#### What you will do
Tally the lines of the data that include the word "simpl". Only the number is to be returned.

#### Records
Lemma unresp_step (k k' : @config P A B V) l x m0 :
  step lt k l k' -> In m0 (unresp (st k x)) ->
  In m0 (unresp (st k' x)) \/ exists m, l = Snd x m /\ reply m0 m.
Proof.
  intros Hstep Hm0.
  destruct (classic (x = actor_of l)) as [Hx | Hx];
    [| rewrite (step_frame Hstep Hx); auto].
  destruct l as [y m | y m | y | y | y]; simpl in Hx, Hstep; subst y.
  - destruct Hstep as (_ & [Hms Hsend] & _).
    destruct x, (mk m) eqn:Hk; try contradiction.
    + destruct Hsend as (_ & _ & _ & _ & pr' & _ & ->); auto.
    + destruct Hsend as (_ & _ & _ & _ & _ & _ & _ & _ & ->); auto.
    + destruct Hsend as (m1 & _ & Hk1 & _ & Hr & Hb & _ & _ & u' & Hrem & ->).
      destruct (classic (m0 = m1)) as [-> | Hne].
      * right; exists m; repeat split; auto.
      * left; exact (remove_one_In Hrem Hm0 Hne).
    + destruct Hsend as (m1 & v & _ & Hk1 & _ & _ & Hr & Hb & _ & _ & u' & Hrem & ->).
      destruct (classic (m0 = m1)) as [-> | Hne].
      * right; exists m; repeat split; auto.
      * left; exact (remove_one_In Hrem Hm0 Hne).
  - destruct Hstep as (_ & _ & _ & Hrecv & _); left.
    destruct x; simpl in Hrecv; [rewrite Hrecv; simpl; auto |].
    destruct (mk m); try (rewrite Hrecv; auto);
      destruct Hrecv as [[_ ->] | [_ ->]]; simpl; auto.
  - destruct Hstep as (_ & _ & (l & _ & ->) & _); auto.
  - destruct Hstep as (_ & _ & _ & -> & _); auto.
  - destruct Hstep as (_ & _ & _ & -> & _); auto.
Qed.

Lemma proposer_unresp_step (k k' : @config P A B V) l p :
  step lt k l k' -> incl (unresp (st k (inl p))) (unresp (st k' (inl p))).
Proof.
  intros Hstep m0 Hm0.
  destruct (unresp_step Hstep Hm0) as [| (m & -> & _ & _ & [[_ Hk] | [_ Hk]])]; auto;
    destruct Hstep as (_ & [_ Hsend] & _); rewrite Hk in Hsend; contradiction.
Qed.

Lemma mu_step (k k' : @config P A B V) l m :
  step lt k l k' -> l <> Rcv (mr m) m -> mu k m > 0 -> mu k' m > 0.
Proof.
  intros Hstep Hl Hmu; destruct l as [x m' | x m' | x | x | x]; simpl in Hstep.
  - destruct Hstep as (_ & _ & _ & _ & Hm' & Hframe).
    destruct (classic (m = m')) as [-> | Hne]; [lia | rewrite Hframe; auto].
  - destruct Hstep as (_ & Hr & _ & _ & _ & _ & _ & Hframe).
    destruct (classic (m = m')) as [-> | Hne]; [subst; congruence | rewrite Hframe; auto].
  - destruct Hstep as (_ & _ & _ & _ & _ & ->); auto.
  - destruct Hstep as (_ & _ & _ & _ & ->); auto.
  - destruct Hstep as (_ & _ & _ & _ & ->); auto.
Qed.

Lemma sent_en_route (k k' : @config P A B V) x m :
  step lt k (Snd x m) k' -> ms m = x /\ mu k' m > 0.
Proof. intros (_ & [Hms _] & _ & _ & -> & _); split; [exact Hms | lia]. Qed.

Lemma ready_prepare (s : @lstate P A B V) p a b :
  ready lt s (inl p) (msg1a p a b) <-> In (msg1a p a b) (prep s).
Proof.
  split.
  - intros (s' & _ & Hsend); simpl in Hsend; tauto.
  - intros Hin; destruct (remove_one_exists Hin) as [pr' Hrem].
    exists (LS (unresp s) (hs s) (acc s) pr'); split; [reflexivity |]; simpl.
    repeat split; eauto.
Qed.

Lemma ready_promise (s : @lstate P A B V) a m0 :
  In m0 (unresp s) -> mk m0 = K1a -> mr m0 = inr a ->
  ready lt s (inr a) (Msg (inr a) (ms m0) K1b (mb m0) None (acc s)).
Proof.
  intros Hin Hk Hr; destruct (remove_one_exists Hin) as [u' Hrem].
  exists (LS u' (hs s) (acc s) (prep s)); split; [reflexivity |]; simpl.
  exists m0; repeat split; eauto.
Qed.

Section Path.
Variables (T : nat -> @config P A B V) (L : nat -> @label P A B V).
Hypothesis fair_TL : fair lt T L.

Let path_TL : path lt T L := proj1 fair_TL.

(* Fairness alone allows an enabled transition to become permanently disabled;
   the last clause of nonfaultiness excludes exactly that. *)
Lemma enabled_occurs x l i :
  nonfaulty lt T L x -> snd_or_rcv_of x l -> enabled lt (T i) l ->
  exists k, i <= k /\ L k = l.
Proof.
  intros (_ & _ & Hnf) Hxl Hen.
  destruct (proj2 fair_TL x l i Hxl Hen) as [| (j & _ & Hoff)]; auto.
  destruct (Hnf l i Hxl Hen) as [| Hinf]; auto.
  destruct (Hinf j) as (k & Hjk & Hk); exfalso; exact (Hoff k Hjk Hk).
Qed.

#### Problem solution
7